Mrs. Maloney. Thank you.
My time has expired. Thank you.
Chairman Huizenga. The gentlelady's time has expired.
The gentleman from Illinois, Mr. Hultgren, for 5 minutes.
Mr. Hultgren. Thank you, Chairman. Thank you, Director.
Appreciate you being here.
As a proponent of seeing all aspects of our Government
innovate with technology, I have been closely following the way
the Division of Corporation Finance has been trying to
implement the use of machine readable, searchable, structured
data formats in its operations.
To that end, what efficiencies and productivity gains has
the division been able to realize in analyzing filings as it
has continued to innovate with standardized data?

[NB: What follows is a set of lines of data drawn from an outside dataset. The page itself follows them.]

Hypothesis lam_skew : skew_mod l lam.

Lemma formL_skew_dvd f g : (l%:Z %| formL lam f g + formL lam g f)%Z.
Proof.
rewrite !formLE2 [X in _ + X]exchange_big -big_split.
apply: rpred_sum => i _; rewrite -big_split; apply: rpred_sum => j _ /=.
have -> : f 0 i * lam i j * g 0 j + g 0 j * lam j i * f 0 i
        = f 0 i * g 0 j * (lam i j + lam j i) by ring.
exact: dvdz_mull.
Qed.

Lemma formL_self_dvd f : odd l -> (l%:Z %| formL lam f f)%Z.
Proof.
move=> l_odd; have := formL_skew_dvd f f.
by rewrite -mulr2n -mulr_natr Gauss_dvdzl // coprimezE /= coprimen2.
Qed.

End Form.

Section ExchangeVectors.

Variables (N : nat) (B : 'M[int]_N) (k : 'I_N).

Lemma sum_evec_pos_part :
  \sum_(i < N | 0 < B i k) (`|B i k|%N)%:Z *: evec i = pos_part (bcol B k).
Proof.
apply/rowP => j; rewrite summxE !mxE big_mkcond (bigD1 j) //= big1 ?addr0.
  rewrite !mxE !eqxx mulr1.
  by case: ltrgtP => // Bjk; rewrite abszE gtr0_norm.
move=> i /negbTE ij; case: ifP => _ //.
by rewrite !mxE eq_sym ij andbF mulr0.
Qed.

Lemma sum_evec_neg_part :
  \sum_(i < N | B i k < 0) (`|B i k|%N)%:Z *: evec i = - neg_part (bcol B k).
Proof.
apply/rowP => j; rewrite summxE !mxE big_mkcond (bigD1 j) //= big1 ?addr0.
  rewrite !mxE !eqxx mulr1.
  by case: ltrgtP => [Bjk|//|->]; rewrite ?abszE ?ltr0_norm ?oppr0.
move=> i /negbTE ij; case: ifP => _ //.
by rewrite !mxE eq_sym ij andbF mulr0.
Qed.

End ExchangeVectors.

Lemma add_pos_neg_part (N : nat) (b : 'rV[int]_N) : pos_part b + neg_part b = b.
Proof.
apply/rowP => j; rewrite !mxE.
by case: (ltrgtP (b 0 j) 0) => [_|_|->]; rewrite ?addr0 ?add0r.
Qed.

Section ToricFrame.

Variables (K : fieldType) (F : algType K) (q : K) (l N : nat).
Variables (M : 'rV[int]_N -> F) (lam : 'M[int]_N).
Hypotheses (q_prim : l.-primitive_root q) (l_odd : odd l) (lam_skew : skew_mod l lam).
Hypotheses (M0 : M 0 = 1) (MM : forall f g, M f * M g = q ^ formL lam f g *: M (f + g)).

Let q_neq0 : q != 0.
Proof. by rewrite (prim_root_eq0 q_prim) -lt0n (prim_order_gt0 q_prim). Qed.

Lemma exprz_prim_root_dvd (z : int) : (l%:Z %| z)%Z -> q ^ z = 1.
Proof.
by case/dvdzP=> m ->; rewrite mulrC -exprz_exp -exprnP prim_expr_order // exp1rz.
Qed.

Lemma prim_root_exprz (z : int) (n : nat) :
  (l%:Z %| z - n%:Z)%Z -> coprime n l -> l.-primitive_root (q ^ z).
Proof.
move=> z_n n_coprime; rewrite -(subrK n%:Z z) expfzDr // exprz_prim_root_dvd //.
by rewrite mul1r -exprnP prim_root_exp_coprime // coprime_sym.
Qed.

Lemma frame_mul_dvd f g : (l%:Z %| formL lam f g)%Z -> M f * M g = M (f + g).
Proof. by move=> l_dvd; rewrite MM exprz_prim_root_dvd // scale1r. Qed.

Lemma frame_expr f n : M f ^+ n = M (n%:Z *: f).
Proof.
elim: n => [|n IHn]; first by rewrite expr0 scale0r M0.
rewrite exprSr IHn frame_mul_dvd; last by rewrite formLZl dvdz_mull ?formL_self_dvd.
by rewrite -{2}(scale1r f) -scalerDl -PoszD addn1.
Qed.

Lemma frame_mul_scale f g : M (l%:Z *: f) * M (l%:Z *: g) = M (l%:Z *: (f + g)).
Proof. by rewrite frame_mul_dvd ?scalerDr // formLZl formLZr dvdz_mulr ?dvdzz. Qed.

Lemma frame_prod_evec (P : pred 'I_N) (c : 'I_N -> nat) :
  \prod_(i < N | P i) (M (evec i) ^+ l) ^+ c i
    = M (l%:Z *: \sum_(i < N | P i) (c i)%:Z *: evec i).
Proof.
apply: (big_rec2 (fun x f => x = M (l%:Z *: f))); first by rewrite scaler0 M0.
by move=> i _ f _ ->; rewrite !frame_expr scalerA mulrC -scalerA frame_mul_scale.
Qed.

Lemma frame_commute f g :
  M g * M f = q ^ (formL lam g f - formL lam f g) *: (M f * M g).
Proof. by rewrite !MM scalerA -expfzDr // subrK addrC. Qed.

Lemma frame_scale_expr (z : int) f : (q ^ z *: M f) ^+ l = M (l%:Z *: f).
Proof.
rewrite exprZn frame_expr exprnP exprz_exp exprz_prim_root_dvd ?scale1r //.
by rewrite dvdz_mull ?dvdzz.
Qed.

Section Mutation.

Variables (B : 'M[int]_N) (k : 'I_N) (dk : nat).
Hypotheses (Bkk : B k k = 0) (dk_coprime : coprime l dk).
Hypothesis B_compat :
  forall i, (l%:Z %| \sum_(m < N) B m k * lam m i - (i == k)%:R * dk%:Z)%Z.

Local Notation b := (bcol B k).
Local Notation f := (- evec k + pos_part b).
Local Notation g := (- b).
Local Notation Z := (q ^ (- formL lam f g) *: M g).
Local Notation mut := (M f + M (- evec k - neg_part b)).

Lemma mut_mul1D : mut = M f * (1 + Z).
Proof.
rewrite mulrDr mulr1 -scalerAr MM scalerA -expfzDr // addNr expr0z scale1r.
by rewrite -[X in _ = _ + M (_ - X)](add_pos_neg_part b) opprD addrA addrK.
Qed.

Lemma mut_skew :
  Z * M f = q ^ (formL lam g f - formL lam f g) *: (M f * Z).
Proof. by rewrite -scalerAl -scalerAr frame_commute !scalerA mulrC. Qed.

(* f_k = -1 because b_k = B k k = 0, so the exponent is 2 dk modulo l. *)
Lemma prim_root_mut :
  l.-primitive_root (q ^ (formL lam g f - formL lam f g)).
Proof.
apply: (@prim_root_exprz _ (2 * dk));
  last by rewrite coprimeMl coprime2n l_odd coprime_sym.
have f_k : f 0 k = -1 by rewrite !mxE Bkk lexx !eqxx addr0.
have := formL_bcol_dvd f B_compat; rewrite f_k => b_f.
rewrite formLNl formLNr opprK PoszM.
have -> : - formL lam b f + formL lam f b - 2%:Z * dk%:Z
  = (formL lam b f + formL lam f b) - (formL lam b f - dk%:Z * -1) * 2 by ring.
by rewrite rpredB ?formL_skew_dvd ?dvdz_mulr.
Qed.

Lemma mut_expr :
  M (evec k) ^+ l * mut ^+ l =
    \prod_(i < N | 0 < B i k) (M (evec i) ^+ l) ^+ `|B i k|%N
  + \prod_(i < N | B i k < 0) (M (evec i) ^+ l) ^+ `|B i k|%N.
Proof.
rewrite mut_mul1D (expr_mul1D_prim_root l_odd prim_root_mut mut_skew).
rewrite frame_scale_expr !frame_expr mulrDr mulr1 mulrDr mulrA !frame_mul_scale.
rewrite !frame_prod_evec sum_evec_pos_part sum_evec_neg_part addrA subrr add0r.
by rewrite -[in X in _ - X](add_pos_neg_part b) opprD addrA subrr add0r.
Qed.

End Mutation.

End ToricFrame.

Lemma compatible_with_diag (l N : nat) (ex : {set 'I_N}) (lam B : 'M[int]_N)
    (d : 'I_N -> nat) k :
  compatible_with l ex lam B d -> k \in ex -> B k k = 0.
Proof.
case=> d_gt0 DB_skew _ k_ex; apply/eqP.
have /eqP := DB_skew k k k_ex k_ex; rewrite -addr_eq0 -mulr2n mulrn_eq0 /=.
by rewrite mulf_eq0 eqz_nat (negbTE (lt0n_neq0 (d_gt0 k k_ex))).
Qed.

Unset Implicit Arguments.
Definition tau0 (Pi : list rule) (tout : Z) : Z :=
  fold_right Z.max tout (prog_tpoints Pi).

Definition critical (Pi : list rule) (tin tout : Z) (tau : Z) : Prop :=
  (tin < tau /\ tau <= tau0 Pi tout + Z.of_nat (rad Pi))%Z.

Definition B_I (Pi : list rule) (D : list atom) (tin tout : Z) (oI : obj) : atom -> Prop :=
  fun a => exists P os tau,
    pred_of Pi P /\ ptemporal P = true /\ pidb P = false /\
    length os = pobjarity P /\ Forall (in_CI Pi D oI) os /\
    critical Pi tin tout tau /\ a = gatom P os tau.

From Stdlib Require Import ZArith List Relations Lia.
Import ListNotations.

(* Restrict a model M of Π ∪ D ∪ U to the temporal facts that a derivation of
   P(o,τ) can consult: those reached from (P,τ) by walking backwards from rule
   heads to rule bodies, and make every other temporal fact true.  The restricted
   structure is still a model of Π (a reached head only consults reached body
   atoms) and of D, and the only update facts it needs are reached ones.  Along a
   walk of length k the time point moves by at most k·a from τ, or from a time
   point of Π reset by a constant body atom; and k ≤ rank(P), since walks follow
   dependencies.  With the bound on |τ - τ'| this keeps every reached time point
   below τ0 + rad(Π), so the reached update facts belong to B_I. *)

Lemma list_max_ge (l : list nat) x : In x l -> x <= list_max l.
Proof.
  intro Hx. pose proof (proj1 (list_max_le l (list_max l)) (le_n _)) as Hall.
  rewrite Forall_forall in Hall. auto.
Qed.

Lemma list_max_eq0_or_In (l : list nat) : list_max l = 0 \/ In (list_max l) l.
Proof.
  induction l as [|x l IH]; simpl; auto.
  destruct (Nat.max_spec x (list_max l)) as [[_ ->]|[_ ->]]; [destruct IH|]; auto.
Qed.

Section DependencyPaths.
Variable Pi : list rule.

(* [dep_path Q R l]: [l] lists the predicates of a [depends]-path from [Q] to
   [R], the endpoint [R] excluded. *)
Inductive dep_path : pred -> pred -> list pred -> Prop :=
| dep_path_nil Q : dep_path Q Q []
| dep_path_cons Q Q' R l : depends Pi Q Q' -> dep_path Q' R l -> dep_path Q R (Q :: l).

Lemma dep_path_rcons Q R R' l :
  dep_path Q R l -> depends Pi R R' -> dep_path Q R' (l ++ [R]).
Proof.
  induction 1; intros; simpl; econstructor; eauto. constructor.
Qed.

Lemma dep_path_reach Q R l x :
  dep_path Q R l -> In x l -> x = Q \/ clos_trans _ (depends Pi) Q x.
Proof.
  induction 1 as [|Q Q' R l Hdep _ IH]; simpl; [contradiction|].
  intros [<-|Hx]; auto.
  right. destruct (IH Hx) as [<-|Hc]; [apply t_step | eapply t_trans; [apply t_step|]]; eauto.
Qed.

Lemma dep_path_incl_heads Q R l :
  dep_path Q R l -> incl l (map (fun r => apred (rhead r)) Pi).
Proof.
  induction 1 as [|Q Q' R l [r [Hr [Hh _]]] _ IH]; intros x Hx; [contradiction|].
  destruct Hx as [<-|Hx]; auto.
  apply in_map_iff. eauto.
Qed.

Lemma rank_fuel_path n Q : exists R l, dep_path Q R l /\ length l = rank_fuel Pi n Q.
Proof.
  revert Q; induction n as [|n IH]; intro Q; [exists Q, []; split; [constructor|reflexivity]|].
  simpl. match goal with |- context [list_max ?L] => destruct (list_max_eq0_or_In L) as [->|Hin] end.
  - exists Q, []. split; [constructor|reflexivity].
  - apply in_flat_map in Hin as [r [Hr Hin]].
    destruct (pred_eq_dec (apred (rhead r)) Q) as [Hh|]; [|contradiction].
    apply in_map_iff in Hin as [b [<- Hb]].
    destruct (IH (apred b)) as [R [l [Hl Hlen]]].
    exists R, (Q :: l). split; [|simpl; congruence].
    econstructor; [|exact Hl]. exists r. eauto.
Qed.

Lemma dep_path_length_le_rank_fuel Q R l n :
  dep_path Q R l -> length l <= n -> length l <= rank_fuel Pi n Q.
Proof.
  intro Hl; revert n; induction Hl as [|Q Q' R l [r [Hr [Hh [b [Hb Hbp]]]]] _ IH];
    intros [|n] Hn; simpl in *; try lia.
  eapply Nat.le_trans; [|apply list_max_ge, in_flat_map; exists r; split; [exact Hr|]].
  2:{ destruct (pred_eq_dec (apred (rhead r)) Q); [|contradiction].
      apply in_map_iff. exists b. split; [reflexivity|exact Hb]. }
  subst. specialize (IH n). lia.
Qed.

Hypothesis Hnr : nonrecursive Pi.

Lemma dep_path_NoDup Q R l : dep_path Q R l -> NoDup l.
Proof.
  induction 1 as [|Q Q' R l Hdep Hl IH]; constructor; auto.
  intro Hin. apply (Hnr Q).
  destruct (dep_path_reach _ _ _ _ Hl Hin) as [<-|Hc];
    [apply t_step | eapply t_trans; [apply t_step|]]; eauto.
Qed.

Lemma dep_path_length_le Q R l : dep_path Q R l -> length l <= length Pi.
Proof.
  intro Hl. rewrite <- (length_map (fun r => apred (rhead r)) Pi).
  apply NoDup_incl_length; [eapply dep_path_NoDup | eapply dep_path_incl_heads]; eauto.
Qed.

Lemma dep_path_length_le_rank Q R l : dep_path Q R l -> length l <= rank Pi Q.
Proof.
  intro Hl. apply (dep_path_length_le_rank_fuel Q R l); [exact Hl|].
  pose proof (dep_path_length_le _ _ _ Hl). lia.
Qed.

Lemma prog_rank_le_length : prog_rank Pi <= length Pi.
Proof.
  apply list_max_le, Forall_forall. intros x Hx.
  apply in_map_iff in Hx as [Q [<- _]].
  destruct (rank_fuel_path (S (length Pi)) Q) as [R [l [Hl Hlen]]].
  unfold rank. rewrite <- Hlen. eapply dep_path_length_le; eauto.
Qed.

End DependencyPaths.

Lemma eval_t_delta tv s x : In x (tterm_vars s) -> eval_t tv s = (tv x + delta s)%Z.
Proof. destruct s; simpl; intros [<-|[]] || contradiction; lia. Qed.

Mr. Hinman. The XBRL tagging of information does assist us,
as we try to review companies. We now have more modern tools to
use some of those items to screen for certain characteristics
of a financial statement.
So, we have found them to be of value.
Mr. Hultgren. Great.
On March 1st of last year, 2017, Commissioners Piwowar and
Stein proposed a new rule to adopt inline XBRL to merge the
traditional unstructured filings with the standardized machine
readable XBRL formats into a single filing.
I authored a letter to the Commission, with Ranking Member
Maloney and Representative Issa, with whom I had championed the
Financial Transparency Act to encourage the Commission to
continue this work.
I wonder if you could give us an update on where this
proposed inline XBRL reform stands?
Mr. Hinman. It is something we are actively working on. I
do expect to get something out in the next 12 months, in that
area.
Mr. Hultgren. Great, thank you.
Chairman Clayton has indicated that on the Commission's
longer-term agenda is reviewing shareholder engagement in the
proxy process. This is something that we have touched on a
little bit already, but I want to go into a little bit
different direction.
The House has passed legislation sponsored by Chairman
Duffy, that brings long-overdue transparency, supervision, and
accountability to proxy advisory firms.
In November, Chairman Clayton stated that the Commission
should be, and I quote, ``lifting the hood and taking a hard
look at whether the needs of shareholders and companies are
being met,'' end quote.
I have heard from a number of companies and shareholders
that feel their current needs are certainly not being met.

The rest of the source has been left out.